Nobody wants their kid to be sick.
Especially not when their kid is preverbal and completely unable to communicate what they’re feeling and, more importantly, what might make them feel better.
But if there is one universal truth that sates all sick kiddos, it is being held. A lot.
Which is why, somewhat sadistically, I kinda love it when my kids are sick.
I’m not alone, of course. In fact, once, in our son’s earliest days, I admitted as much in an Instagram post which showed him sleeping, red-cheeked and very sick on my chest.
The caption admitted that as terrible as I felt for my son, I couldn’t help but love how much he needed his dad to hold him.
The comments and my inbox flooded with parent friends who felt exactly the same, all with the caveat that, yes, you do feel terrible that your kids feel terrible. But you love how much they need you in those moments.
Last week was a long week. Our daughter battled virtually every single daycare cold a kid could get, all at the same time. Add in the fear of her having Covid-19 (she didn't) and you can imagine how frazzled Emily and I were by week's end.
She was out of daycare all week, an adorable wrench thrown directly into the works of our normal workweeks and, for at least a few days, Emily and I were transported right back to the earliest days of the pandemic, when we were trying to cultivate our careers while tossing our son back and forth like a beanbag, working in fifteen-minute increments.
But, as any parent can attest, none of that mattered. Not the impact our daughter’s illness had on our work or our routine or our sleep (which was near nonexistent).

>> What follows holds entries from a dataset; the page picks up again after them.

(* Let $u\in A^*$, $R\subseteq[0,|u|]$, $p=(u,R)$ and $p^*=(u,[0,|u|]\setminus R)$. Then for every word $w\in A^*$, $$\binom{w}{p}=\sum_{v\in A^*}(-1)^{|v|-|u|}\binom{v}{p^*}\binom{w}{v}$$ (the sum has finitely many nonzero terms).
   Context: $A$ is a finite alphabet, $A^*$ the set of finite words over $A$, $|w|$ the length, $[0,k]=\{0,1,\dots,k\}$. For words $u=a_1\cdots a_k$, $v=b_1\cdots b_n$, $\binom{v}{u}$ is the number of order-preserving injections $\varphi:[k]\to[n]$ with $a_i=b_{\varphi(i)}$ for all $i$. For $R\subseteq[0,k]$, an occurrence of $p=(u,R)$ in $v$ is such an injection satisfying additionally $\varphi(i+1)=\varphi(i)+1$ for all $i\in R$, with conventions $\varphi(0)=0$ and $\varphi(k+1)=n+1$; $\binom{v}{p}=\binom{v}{u,R}$ is the number of occurrences of $p$ in $v$. (So $R=\emptyset$ gives $\binom{v}{u}$, $R=[1,k-1]$ counts factor occurrences, $R=[0,k]$ gives $[u=v]$.) *)

From HB Require Import structures.
From mathcomp Require Import all_boot all_order all_algebra.
Unset Printing Implicit Defensive.
Import Order.TTheory GRing.Theory Num.Theory.

Section Occ.
Variable A : finType.

(* Words are [seq A]; positions of a word of length n are 'I_n (0-based),
   corresponding to the paper's 1-based positions 1..n via i |-> i+1. *)

(* The extended map on [0, k+1] of the paper (1-based), with
   phi(0) = 0 and phi(k+1) = n+1. *)
Definition ext_map (k n : nat) (f : {ffun 'I_k -> 'I_n}) (i : nat) : nat :=
  if i == 0 then 0
  else if i <= k then nth 0 [seq (nat_of_ord (f j)).+1 | j <- enum 'I_k] i.-1
  else n.+1.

What mattered was our little girl and how, for five straight days, she was in agony.
Unless, of course, she was sleeping quietly on either of her parents' chests.
Because there, in that supine position, is not only a sense of relief for the child. There is also a sense of zen for a parent. There is no fear or worry or exhaustion or anything that ails you as a parent of children. There is only this strange, calming sense of contentment. Your child is at rest, comfortable, sleeping. And in that moment, you as a parent are doing exactly what you as a parent are programmed to do.
You're giving your child a place to be comfortable and safe. And when your kid is sick, that’s usually what they need most.